● **ASSIGNMENT**
Among the entries that follow, find every line with the word "gives" and list it.

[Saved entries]
(* Let $\Gamma$ be a group and $S$ a $\Gamma$-graded inverse semigroup. The following are equivalent: (1) $S$ is locally strongly graded; (2) for all $\alpha\in\Gamma$ and $u\in E(S)\setminus\{0\}$ there is $v\in E(S)_\alpha\setminus\{0\}$ with $v\le u$; (3) for all $\alpha,\beta\in\Gamma$ and $s\in S_{\alpha\beta}\setminus\{0\}$ there is $u\in E(S)\setminus\{0\}$ with $u\le s^{-1}s$ and $su\in S_\alpha S_\beta$; (4) for all $\alpha,\beta\in\Gamma$ and $s\in S_{\alpha\beta}\setminus\{0\}$ there is $u\in E(S)\setminus\{0\}$ with $u\le ss^{-1}$ and $us\in S_\alpha S_\beta$.
   Context: Semigroups have a zero; $S$ is $\Gamma$-graded via $\deg:S\setminus\{0\}\to\Gamma$ with $\deg(st)=\deg(s)\deg(t)$ whenever $st\neq0$; $S_\alpha=\deg^{-1}(\alpha)\cup\{0\}$. $E(S)$ is the set of idempotents, $E(S)_\alpha=\{ss^{-1}:s\in S_\alpha\}$. Natural partial order: $s\le t$ iff $s=tu$ for some $u\in E(S)$. $S$ is locally strongly graded if for all $\alpha,\beta\in\Gamma$ and $s\in S_{\alpha\beta}\setminus\{0\}$ there exists $t\in S_\alpha S_\beta\setminus\{0\}$ with $t\le s$. *)

Set Implicit Arguments.

Record Group := {
  g_carrier :> Type;
  g_mul : g_carrier -> g_carrier -> g_carrier;
  g_one : g_carrier;
  g_inv : g_carrier -> g_carrier;
  g_mulA : forall a b c, g_mul a (g_mul b c) = g_mul (g_mul a b) c;
  g_mul1l : forall a, g_mul g_one a = a;
  g_mulVl : forall a, g_mul (g_inv a) a = g_one
}.

Record InvSemigroup0 := {
  s_carrier :> Type;
  s_mul : s_carrier -> s_carrier -> s_carrier;
  s_zero : s_carrier;
  s_inv : s_carrier -> s_carrier;
  s_mulA : forall a b c, s_mul a (s_mul b c) = s_mul (s_mul a b) c;
  s_mul0l : forall a, s_mul s_zero a = s_zero;
  s_mul0r : forall a, s_mul a s_zero = s_zero;
  s_inv_l : forall s, s_mul (s_mul s (s_inv s)) s = s;
  s_inv_r : forall s, s_mul (s_mul (s_inv s) s) (s_inv s) = s_inv s;
  s_inv_uniq : forall s t, s_mul (s_mul s t) s = s -> s_mul (s_mul t s) t = t ->
                 t = s_inv s
}.

Arguments g_mul {_}. Arguments g_one {_}. Arguments g_inv {_}.
Arguments s_mul {_}. Arguments s_zero {_}. Arguments s_inv {_}.

Section Graded.
Context {G : Group} {S : InvSemigroup0}.

(** deg : S \ {0} -> G, represented as a total function whose value at 0 is
    irrelevant; multiplicativity is required only for nonzero products. *)
Definition is_grading (deg : S -> G) : Prop :=
  forall s t : S, s_mul s t <> s_zero -> deg (s_mul s t) = g_mul (deg s) (deg t).

Definition homog (deg : S -> G) (a : G) (s : S) : Prop :=
  s = s_zero \/ (s <> s_zero /\ deg s = a).

Definition idem (e : S) : Prop := s_mul e e = e.

Definition idem_deg (deg : S -> G) (a : G) (e : S) : Prop :=
  exists s, homog deg a s /\ e = s_mul s (s_inv s).

Definition nat_le (s t : S) : Prop := exists u, idem u /\ s = s_mul t u.

Definition prod_homog (deg : S -> G) (a b : G) (t : S) : Prop :=
  exists x y, homog deg a x /\ homog deg b y /\ t = s_mul x y.

Definition locally_strongly_graded (deg : S -> G) : Prop :=
  forall (a b : G) (s : S), homog deg (g_mul a b) s -> s <> s_zero ->
    exists t, prod_homog deg a b t /\ t <> s_zero /\ nat_le t s.

End Graded.

(** In an inverse semigroup the idempotents commute, so the natural order is
    described by restrictions: [t <= s] iff [t = s u] for an idempotent
    [u <= s^-1 s], iff [t = u s] for an idempotent [u <= s s^-1]; this gives
    (1) <-> (3) and (1) <-> (4) without using the grading.  For (1) -> (2),
    apply (1) to a nonzero idempotent [u], which lies in [S_(a a^-1)]: the
    resulting [x y <= u] with [x] in [S_a] is idempotent, and equals
    [(x y y^-1) (x y y^-1)^-1], an element of [E(S)_a].  For (2) -> (4), a
    nonzero [x x^-1 <= s s^-1] with [x] in [S_a] gives
    [x x^-1 s = x (x^-1 s)] in [S_a S_b]. *)

From Stdlib Require Import Classical.

Set Implicit Arguments.
Unset Strict Implicit.

Local Notation "x ** y" := (s_mul x y) (at level 40, left associativity).

Section InverseSemigroup.

Variable S : InvSemigroup0.
Implicit Types e f s t u x y : S.

Lemma s_invK s : s_inv (s_inv s) = s.
Proof. symmetry; apply s_inv_uniq; [apply s_inv_r | apply s_inv_l]. Qed.

Lemma idem_mulVr s : idem (s ** s_inv s).
Proof. unfold idem; rewrite s_mulA, s_inv_l; reflexivity. Qed.

Lemma idem_mulVl s : idem (s_inv s ** s).
Proof. unfold idem; rewrite !s_mulA, s_inv_r; reflexivity. Qed.

Lemma idem_inv e : idem e -> s_inv e = e.
Proof. intro He; symmetry; apply s_inv_uniq; rewrite !He; reflexivity. Qed.

Lemma idem_mulr_id x e : idem e -> x ** e ** e = x ** e.
Proof. intro He; rewrite <- s_mulA, He; reflexivity. Qed.

(* [f (e f)^-1 e] is an inverse of [e f], hence equals [(e f)^-1], which is
   then idempotent and its own inverse. *)
Lemma idem_mul e f : idem e -> idem f -> idem (e ** f).
Proof.
  intros He Hf; set (x := s_inv (e ** f)).
  assert (Hx : f ** x ** e = x).
  { apply s_inv_uniq.
    - replace (e ** f ** (f ** x ** e) ** (e ** f)) with (e ** f ** x ** (e ** f))
        by (rewrite !s_mulA, (idem_mulr_id (e ** f ** f ** x) He), (idem_mulr_id _ Hf);
            reflexivity).
      apply s_inv_l.
    - replace (f ** x ** e ** (e ** f) ** (f ** x ** e))
        with (f ** (x ** (e ** f) ** x) ** e)
        by (rewrite !s_mulA, (idem_mulr_id _ Hf), (idem_mulr_id (f ** x) He);
            reflexivity).
      unfold x; rewrite s_inv_r; reflexivity. }
  assert (Hxx : idem x).
  { unfold idem; rewrite <- Hx at 1 2.
    replace (f ** x ** e ** (f ** x ** e)) with (f ** (x ** (e ** f) ** x) ** e)
      by (rewrite !s_mulA; reflexivity).
    unfold x; rewrite s_inv_r; exact Hx. }
  rewrite <- (s_invK (e ** f)); fold x; rewrite idem_inv; assumption.
Qed.

Lemma idem_mulC e f : idem e -> idem f -> e ** f = f ** e.
Proof.
  intros He Hf; assert (Hef := idem_mul He Hf).
  rewrite <- (idem_inv Hef); symmetry; apply s_inv_uniq.
  - rewrite !s_mulA, (idem_mulr_id e Hf), (idem_mulr_id (e ** f) He), <- s_mulA;
    exact Hef.
  - rewrite !s_mulA, (idem_mulr_id f He), (idem_mulr_id (f ** e) Hf), <- s_mulA.
    exact (idem_mul Hf He).
Qed.

Lemma s_invM s t : s_inv (s ** t) = s_inv t ** s_inv s.
Proof.
  symmetry; apply s_inv_uniq.
  - replace (s ** t ** (s_inv t ** s_inv s) ** (s ** t))
      with (s ** ((t ** s_inv t) ** (s_inv s ** s)) ** t)
      by (rewrite !s_mulA; reflexivity).
    rewrite (idem_mulC (idem_mulVr t) (idem_mulVl s)), !s_mulA, s_inv_l,
      <- (s_mulA _ s t), <- (s_mulA _ s _ t), s_inv_l; reflexivity.
  - replace (s_inv t ** s_inv s ** (s ** t) ** (s_inv t ** s_inv s))
      with (s_inv t ** ((s_inv s ** s) ** (t ** s_inv t)) ** s_inv s)
      by (rewrite !s_mulA; reflexivity).
    rewrite <- (idem_mulC (idem_mulVr t) (idem_mulVl s)), !s_mulA, s_inv_r,
      <- (s_mulA _ (s_inv t) (s_inv s)), <- (s_mulA _ (s_inv t) _ (s_inv s)), s_inv_r;
      reflexivity.
Qed.

Lemma mul_nz_l x y : x ** y <> s_zero -> x <> s_zero.
Proof. intros H ->; apply H, s_mul0l. Qed.

Lemma mul_nz_r x y : x ** y <> s_zero -> y <> s_zero.
Proof. intros H ->; apply H, s_mul0r. Qed.

Lemma mulV_nz s : s <> s_zero -> s ** s_inv s <> s_zero.
Proof. intros Hs H0; apply Hs; rewrite <- (s_inv_l _ s), H0; apply s_mul0l. Qed.

Lemma inv_nz s : s <> s_zero -> s_inv s <> s_zero.
Proof. intros Hs H0; apply (mulV_nz Hs); rewrite H0; apply s_mul0r. Qed.

Lemma nat_le_idem e t : idem e -> nat_le t e -> idem t.
Proof. intros He [w [Hw ->]]; exact (idem_mul He Hw). Qed.

Lemma nat_le_idem_mull e u : idem e -> nat_le u e -> e ** u = u.
Proof. intros He [w [_ ->]]; rewrite s_mulA, He; reflexivity. Qed.

Lemma idem_mul_conj e s : idem e -> e ** s = s ** (s_inv s ** e ** s).
Proof.
  intro He; rewrite !s_mulA, <- (idem_mulC He (idem_mulVr s)), <- (s_mulA _ e _ s),
    s_inv_l; reflexivity.
Qed.

Lemma idem_conj e s : idem e -> idem (s_inv s ** e ** s).
Proof.
  intro He; unfold idem.
  replace (s_inv s ** e ** s ** (s_inv s ** e ** s))
    with (s_inv s ** (e ** (s ** s_inv s)) ** e ** s)
    by (rewrite !s_mulA; reflexivity).
  rewrite (idem_mulC He (idem_mulVr s)), !s_mulA, (idem_mulr_id _ He), s_inv_r;
    reflexivity.
Qed.

Lemma nat_le_idem_mul e s : idem e -> nat_le (e ** s) s.
Proof. intro He; exists (s_inv s ** e ** s); auto using idem_conj, idem_mul_conj. Qed.

Lemma nat_le_restrict_r t s :
  nat_le t s -> exists u, idem u /\ nat_le u (s_inv s ** s) /\ t = s ** u.
Proof.
  intros [w [Hw ->]]; exists (s_inv s ** s ** w); split; [|split].
  - exact (idem_mul (idem_mulVl s) Hw).
  - exists w; auto.
  - rewrite !s_mulA, s_inv_l; reflexivity.
Qed.

Lemma nat_le_restrict_l t s :
  nat_le t s -> exists u, idem u /\ nat_le u (s ** s_inv s) /\ t = u ** s.
Proof.
  intros [w [Hw ->]]; exists (s ** w ** s_inv s); split; [|split].
  - rewrite <- (s_invK s) at 1; exact (idem_conj (s_inv s) Hw).
  - exists (s ** w ** s_inv s); split.
    + rewrite <- (s_invK s) at 1; exact (idem_conj (s_inv s) Hw).
    + rewrite !s_mulA, s_inv_l; reflexivity.
  - rewrite <- !s_mulA, (idem_mulC Hw (idem_mulVl s)), !s_mulA, s_inv_l; reflexivity.
Qed.

Lemma restrict_r_nz u s :
  nat_le u (s_inv s ** s) -> u <> s_zero -> s ** u <> s_zero.
Proof.
  intros Hle Hu H0; apply Hu.
  rewrite <- (nat_le_idem_mull (idem_mulVl s) Hle), <- s_mulA, H0; apply s_mul0r.
Qed.

Lemma restrict_l_nz u s :
  nat_le u (s ** s_inv s) -> u <> s_zero -> u ** s <> s_zero.
Proof.
  intros Hle Hu H0; apply Hu.
  rewrite <- (nat_le_idem_mull (idem_mulVr s) Hle),
    (idem_mulC (idem_mulVr s) (nat_le_idem (idem_mulVr s) Hle)), s_mulA, H0;
    apply s_mul0l.
Qed.

End InverseSemigroup.

Section Group.

Variable G : Group.
Implicit Types a b c : G.

Lemma g_mulI c a b : g_mul c a = g_mul c b -> a = b.
Proof.
  intro H; rewrite <- (g_mul1l _ a), <- (g_mul1l _ b), <- (g_mulVl _ c), <- !g_mulA, H;
    reflexivity.
Qed.

Lemma g_mul1r a : g_mul a g_one = a.
Proof.
  apply g_mulI with (c := g_inv a); rewrite g_mulA, g_mulVl, g_mul1l; reflexivity.
Qed.

Lemma g_mulVr a : g_mul a (g_inv a) = g_one.
Proof.
  apply g_mulI with (c := g_inv a); rewrite g_mulA, g_mulVl, g_mul1l, g_mul1r;
    reflexivity.
Qed.

Lemma g_mulKV a b : g_mul (g_inv a) (g_mul a b) = b.
Proof. rewrite g_mulA, g_mulVl; apply g_mul1l. Qed.

End Group.

Section Graded.

Variables (G : Group) (S : InvSemigroup0) (deg : S -> G).
Hypothesis Hdeg : is_grading deg.

Lemma homog_deg a x : homog deg a x -> x <> s_zero -> deg x = a.
Proof. intros [H | [_ H]] Hx; [contradiction | exact H]. Qed.

Lemma deg_idem e : idem e -> e <> s_zero -> deg e = g_one.
Proof.
  intros He Hnz; apply g_mulI with (c := deg e).
  rewrite g_mul1r, <- Hdeg, He; [reflexivity | rewrite He; exact Hnz].
Qed.

Lemma homog_idem e : idem e -> homog deg g_one e.
Proof.
  intro He; destruct (classic (e = s_zero)) as [-> | Hnz]; [left; reflexivity | right].
  split; [exact Hnz | exact (deg_idem He Hnz)].
Qed.

Lemma homog_mul a b x y :
  homog deg a x -> homog deg b y -> homog deg (g_mul a b) (x ** y).
Proof.
  intros Hx Hy; destruct (classic (x ** y = s_zero)) as [H0 | Hnz]; [left; exact H0|].
  right; split; [exact Hnz|].
  rewrite (Hdeg Hnz), (homog_deg Hx (mul_nz_l Hnz)), (homog_deg Hy (mul_nz_r Hnz));
    reflexivity.
Qed.

Lemma homog_inv a x : homog deg a x -> homog deg (g_inv a) (s_inv x).
Proof.
  intros [-> | [Hnz <-]].
  - left; apply idem_inv, s_mul0l.
  - right; split; [exact (inv_nz Hnz)|].
    apply g_mulI with (c := deg x); rewrite g_mulVr, <- Hdeg by exact (mulV_nz Hnz).
    exact (deg_idem (idem_mulVr x) (mulV_nz Hnz)).
Qed.

Lemma idem_deg_idem_mul a x y :
  homog deg a x -> idem (x ** y) -> idem_deg deg a (x ** y).
Proof.
  intros Hx Hxy; exists (x ** (y ** s_inv y)); split.
  - rewrite <- (g_mul1r a); apply homog_mul; [exact Hx | apply homog_idem, idem_mulVr].
  - transitivity (x ** y ** s_inv (x ** y)).
    { rewrite (idem_inv Hxy); symmetry; exact Hxy. }
    rewrite (s_invM x (y ** s_inv y)), (idem_inv (idem_mulVr y)), s_invM,
      (s_mulA _ (x ** (y ** s_inv y))), (idem_mulr_id x (idem_mulVr y)), !s_mulA;
      reflexivity.
Qed.

Lemma prod_homog_idem_deg_mul a b v s :
  idem_deg deg a v -> homog deg (g_mul a b) s -> prod_homog deg a b (v ** s).
Proof.
  intros [x [Hx ->]] Hs; exists x, (s_inv x ** s); split; [exact Hx | split].
  - rewrite <- (g_mulKV a b); exact (homog_mul (homog_inv Hx) Hs).
  - rewrite s_mulA; reflexivity.
Qed.

End Graded.

Definition idem_deg_dense (G : Group) (S : InvSemigroup0) (deg : S -> G) : Prop :=
  forall (a : G) (u : S), idem u -> u <> s_zero ->
    exists v, idem_deg deg a v /\ v <> s_zero /\ nat_le v u.

Definition locally_strongly_graded_r (G : Group) (S : InvSemigroup0) (deg : S -> G)
  : Prop :=
  forall (a b : G) (s : S), homog deg (g_mul a b) s -> s <> s_zero ->
    exists u, idem u /\ u <> s_zero /\
      nat_le u (s_inv s ** s) /\ prod_homog deg a b (s ** u).

Definition locally_strongly_graded_l (G : Group) (S : InvSemigroup0) (deg : S -> G)
  : Prop :=
  forall (a b : G) (s : S), homog deg (g_mul a b) s -> s <> s_zero ->
    exists u, idem u /\ u <> s_zero /\
      nat_le u (s ** s_inv s) /\ prod_homog deg a b (u ** s).

Section Equivalences.

Variables (G : Group) (S : InvSemigroup0) (deg : S -> G).

Lemma lsg_iff_r : locally_strongly_graded deg <-> locally_strongly_graded_r deg.
Proof.
  split; intros P a b s Hs Hsn.
  - destruct (P a b s Hs Hsn) as [t [Ht [Htn Hts]]].
    destruct (nat_le_restrict_r Hts) as [u [Hu [Hle ->]]].
    exists u; split; [exact Hu | split; [exact (mul_nz_r Htn) | split; assumption]].
  - destruct (P a b s Hs Hsn) as [u [Hu [Hun [Hle Hp]]]].
    exists (s ** u); split; [exact Hp | split; [exact (restrict_r_nz Hle Hun) |]].
    exists u; split; [exact Hu | reflexivity].
Qed.

Lemma lsg_iff_l : locally_strongly_graded deg <-> locally_strongly_graded_l deg.
Proof.
  split; intros P a b s Hs Hsn.
  - destruct (P a b s Hs Hsn) as [t [Ht [Htn Hts]]].
    destruct (nat_le_restrict_l Hts) as [u [Hu [Hle ->]]].
    exists u; split; [exact Hu | split; [exact (mul_nz_l Htn) | split; assumption]].
  - destruct (P a b s Hs Hsn) as [u [Hu [Hun [Hle Hp]]]].
    exists (u ** s); split; [exact Hp | split].
    + exact (restrict_l_nz Hle Hun).
    + exact (nat_le_idem_mul s Hu).
Qed.

Hypothesis Hdeg : is_grading deg.

Lemma lsg_idem_deg_dense : locally_strongly_graded deg -> idem_deg_dense deg.
Proof.
  intros P a u Hu Hun.
  assert (Hh : homog deg (g_mul a (g_inv a)) u).
  { right; split; [exact Hun|]; rewrite g_mulVr; exact (deg_idem Hdeg Hu Hun). }
  destruct (P _ _ _ Hh Hun) as [t [[x [y [Hx [_ ->]]]] [Htn Hle]]].
  exists (x ** y); split; [|split; assumption].
  exact (idem_deg_idem_mul Hdeg Hx (nat_le_idem Hu Hle)).
Qed.

Lemma idem_deg_dense_lsg_l : idem_deg_dense deg -> locally_strongly_graded_l deg.
Proof.
  intros P a b s Hs Hsn.
  destruct (P a (s ** s_inv s) (idem_mulVr s) (mulV_nz Hsn)) as [v [Hv [Hvn Hle]]].
  exists v; split; [exact (nat_le_idem (idem_mulVr s) Hle) | split; [exact Hvn | split]].
  - exact Hle.
  - exact (prod_homog_idem_deg_mul Hdeg Hv Hs).
Qed.

Lemma lsg_iff_idem_deg_dense : locally_strongly_graded deg <-> idem_deg_dense deg.
Proof.
  split; [exact lsg_idem_deg_dense |].
  intro P; apply lsg_iff_l; exact (idem_deg_dense_lsg_l P).
Qed.

End Equivalences.

Theorem proposition2p15 (G : Group) (S : InvSemigroup0) (deg : S -> G)
  (Hdeg : is_grading deg) :
  let P1 := locally_strongly_graded deg in
  let P2 := forall (a : G) (u : S), idem u -> u <> s_zero ->
              exists v, idem_deg deg a v /\ v <> s_zero /\ nat_le v u in
  let P3 := forall (a b : G) (s : S), homog deg (g_mul a b) s -> s <> s_zero ->
              exists u, idem u /\ u <> s_zero /\
                nat_le u (s_mul (s_inv s) s) /\ prod_homog deg a b (s_mul s u) in
  let P4 := forall (a b : G) (s : S), homog deg (g_mul a b) s -> s <> s_zero ->
              exists u, idem u /\ u <> s_zero /\
                nat_le u (s_mul s (s_inv s)) /\ prod_homog deg a b (s_mul u s) in
  (P1 <-> P2) /\ (P1 <-> P3) /\ (P1 <-> P4).
Proof.
  intros P1 P2 P3 P4; split; [|split].
  - exact (lsg_iff_idem_deg_dense Hdeg).
  - apply lsg_iff_r.
  - apply lsg_iff_l.
Qed.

● **RESULT OF THE EXERCISE**
    [u <= s^-1 s], iff [t = u s] for an idempotent [u <= s s^-1]; this gives
    nonzero [x x^-1 <= s s^-1] with [x] in [S_a] gives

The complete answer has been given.